Pembina GAPKI Kaltim Azmal Ridwan mengharapkan menjadi pembelajaran sehingga ke depan tak ada lagi aksi serupa terhadap perusahaan kelapa sawit.
"Ini jadi pelajaran berharga. Semoga ke depan tak ada lagi kasus serupa. Dimana kelompok tertentu melakukan aksi yang tidak hanya merugikan perusahaan kelapa sawit tetapi juga masyarakat luas," kata Azmal Ridwan kepada awak media, Jumat.
Seperti diketahui, mediasi Pemkab Kutai Timur menghasilkan beberapa kesepatakan. Di antaranya, Pemkab Kutim tidak bisa memaksa PT SAWA membayar tuntutan masyarakat adat Rp15 miliar karena tidak memiliki payung hukum.
Selain itu, bahwa masyarakat adat segera menghentikan penutupan portal yang dilakukan sejak 30 Januari lalu. Juga, bahwa PT SAWA bersedia memberikan plasma kepada masyarakat Long Bentuq, melakukan kemitraan, dan berbagai program pemberdayaan lain bagi masyarakat.
Selain menghambat aktivitas penjualan, lanjut Azmal, aksi unjuk rasa tersebut juga menyulitkan masyarakat yang ingin bekerja di area kebun.

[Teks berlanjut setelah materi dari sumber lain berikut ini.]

Lemma fconnect_collapsed z w : collapsed z -> collapsed w -> fconnect s z w.
Proof.
have I0_N0 : fconnect s I0 N0 by rewrite -expand_I0 fconnect1.
have N0_J0 : fconnect s N0 J0 by rewrite -expand_N0 fconnect1.
have from_I0 v : collapsed v -> fconnect s I0 v.
  by case/or3P=> /eqP->; rewrite ?connect0 ?I0_N0 ?(connect_trans I0_N0 N0_J0).
move=> /from_I0 I0_z /from_I0 I0_w.
by rewrite (fconnect_sym (@perm_inj _ s)) in I0_z; apply: connect_trans I0_z I0_w.
Qed.

Lemma fconnect_expand x z : fconnect s x z = fconnect s' (contr x) (contr z).
Proof.
apply/idP/idP.
  apply: fconnect_image => w.
  have [wI|] := boolP ((w == I0) || (w == N0)); last first.
    by rewrite negb_or => /andP[wI wN]; rewrite contr_expand // fconnect1.
  suff [cw csw] : collapsed w /\ collapsed (s w) by rewrite !contr_collapsed ?connect0.
  case/orP: wI => /eqP->; rewrite ?expand_I0 ?expand_N0;
    by rewrite ?collapsed_I0 ?collapsed_N0 ?collapsed_J0.
have step w : exists2 w', fconnect s w w' & contr w' = s' (contr w).
  have [wIN|] := boolP ((w == I0) || (w == N0)); last first.
    by rewrite negb_or => /andP[wI wN]; exists (s w); rewrite ?fconnect1 ?contr_expand.
  have cw : collapsed w by case/orP: wIN => /eqP->; rewrite ?collapsed_I0 ?collapsed_N0.
  exists (s J0); last by rewrite contr_expand_J0 contr_collapsed.
  exact: connect_trans (fconnect_collapsed cw collapsed_J0) (fconnect1 _ _).
case/(fconnect_preimage step) => w xw cw_z.
have [cz|ncz] := boolP (collapsed z).
  apply: connect_trans xw (fconnect_collapsed _ cz).
  by rewrite -contr_eq_K cw_z contr_eq_K.
by rewrite -(contr_inj_uncollapsed ncz cw_z).
Qed.

Lemma fconnect_expand_collapsed x z :
  collapsed z -> fconnect s x z = fconnect s' (contr x) K.
Proof. by move=> cz; rewrite fconnect_expand (contr_collapsed cz). Qed.

Lemma card_cycle_expand x :
  #|fconnect s x| = #|fconnect s' (contr x)| + 2 * fconnect s' (contr x) K.
Proof.
have : #|fconnect s x| + fconnect s' (contr x) K =
    #|fconnect s' (contr x)| + fconnect s x I0 + fconnect s x J0 + fconnect s x N0.
  exact: card_contr (fun z _ => fconnect_expand x z).
by rewrite !fconnect_expand_collapsed ?collapsed_I0 ?collapsed_J0 ?collapsed_N0 //; lia.
Qed.

Lemma card_cycle_steps_expand x (r : rel nat) :
    (forall a b, a != N0 -> b != N0 -> ~~ (collapsed a && collapsed b) ->
       r (contr a) (contr b) = r a b) ->
  let k := fconnect s' (contr x) K in
  #|[pred z | fconnect s x z & r (s z) z]| + (k && r (s' K) K) =
  #|[pred y | fconnect s' (contr x) y & r (s' y) y]|
    + (k && r N0 I0) + (k && r (s J0) J0) + (k && r J0 N0).
Proof.
move=> r_contr k.
have := @card_contr [pred z | fconnect s x z & r (s z) z]
  [pred y | fconnect s' (contr x) y & r (s' y) y].
rewrite !inE !fconnect_expand_collapsed ?collapsed_I0 ?collapsed_J0 ?collapsed_N0 //.
rewrite expand_I0 expand_N0; apply=> z ncz.
have /and3P[zI _ zN] : [&& z != I0, z != J0 & z != N0] by rewrite -!negb_or.
have sz_N0 : s z != N0 by rewrite -expand_I0 (inj_eq perm_inj).
by rewrite !inE fconnect_expand -contr_expand ?r_contr ?(negbTE ncz) ?andbF.
Qed.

Karena penutupan portal, hasil panen kebun kelapa sawit tidak dapat dimobilisasi. Padahal, CPO yang dibiarkan terlalu lama dapat berdampak pada menurunnya kualitas, bahkan hingga membusuk.

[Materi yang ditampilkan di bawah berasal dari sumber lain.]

Lemma quilt_not_decomposable k : ~ decomposable k (quilt k.+1).
Proof.
elim/ltn_ind: k => k IH decomp.
have [k9|k9] := ltnP k 9.
  have base : all (fun k => ~~ has_fq_decomp (map quilt (iota 1 k)) (quilt k.+1))
                  (iota 0 9) by vm_compute.
  move/allP: base => /(_ k); rewrite mem_iota => /(_ k9) /negP; apply.
  exact/has_fq_decompP.
case: decomp => L [legalL rangeL sumL].
exact: (not_next_decomposition k9 IH legalL rangeL sumL).
Qed.

Lemma fq_nextE s m : 0 < m <= (sumn s).+1 ->
  (forall i, 0 < i < m -> has_fq_decomp s i) -> ~~ has_fq_decomp s m -> fq_next s = m.
Proof.
move=> /andP[m0 ms] below notm; rewrite /fq_next.
set p := fun i => ~~ has_fq_decomp s i; set K := (sumn s).+1.
have hasp : has p (iota 1 K) by apply/hasP; exists m; rewrite ?mem_iota //; lia.
have jK : find p (iota 1 K) < K by rewrite -[K in _ < K](size_iota 1) -has_find.
have := nth_find 0 hasp; have := @before_find _ 0 p (iota 1 K).
move: jK; set j := find p _ => jK before atj.
rewrite nth_iota // in atj.
case: (ltngtP j.+1 m) => [jm|mj|//].
  by move: atj; rewrite /p below //; lia.
have /before : m.-1 < j by lia.
rewrite nth_iota; last lia.
by rewrite /p add1n prednK // notm.
Qed.

Lemma fq_next_quilt n : fq_next (map quilt (iota 1 n)) = quilt n.+1.
Proof.
have q0 : 0 < quilt n.+1 by exact: (@quilt_lt 0).
apply: fq_nextE.
- by rewrite q0 andTb; have := quilt_succ_le_sum n; lia.
- by move=> i /andP[_ iq]; apply/has_fq_decompP/decomposable_lt.
- by apply/has_fq_decompP/quilt_not_decomposable.
Qed.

“Pertama jualan terganggu. Kedua orang kerja gak bisa. Padahal buah ada, area ada, sawit ada, orang juga mau kerja. Kalau dibiarkan rusak produk CPO-nya, orangnya per panen di kebun itu ratusan loh. Kalau sudah begitu, CPO mau ditaruh mana, Mau masuk gedung mana mungkin,” tambah Azmal.
Azmal menjelaskan dalam kondisi tersebut beban perusahaan juga semakin berat karena membengkaknya biaya produksi, sebab brondolan sawit yang berhamburan dan membusuk di atas pohon perlu dikutip. Kegiatan ini memerlukan tenaga kutip tambahan di luar biaya produksi normal.
Azmal juga meminta semua pihak sadar mengenai peran penting industri sawit bagi perekonomian nasional.
Berbeda dengan batu bara yang semakin lama semakin habis, misalnya, sawit justru semakin banyak digunakan. Bahkan, kini sawit juga digunakan untuk produksi biodiesel.
Begitu pula dengan PT SAWA. Menurut Azmal, kontribusi perusahaan sangat besar, karena ekonomi masyarakat dan daerah tumbuh pesat sejak perusahaan beroperasi.
Termasuk bertambahnya angka lapangan kerja dan pembangunan jembatan yang memfasilitasi mobilisasi masyarakat.
"Jembatan senilai miliaran rupiah itu dari uang perusahaan, bukan uang negara. Pembangunan jembatan itu mempercepat gerak roda ekonomi masyarakat. Jadi masyarakat juga yang rugi ketika jembatan itu kemarin ikut ditutup," katanya.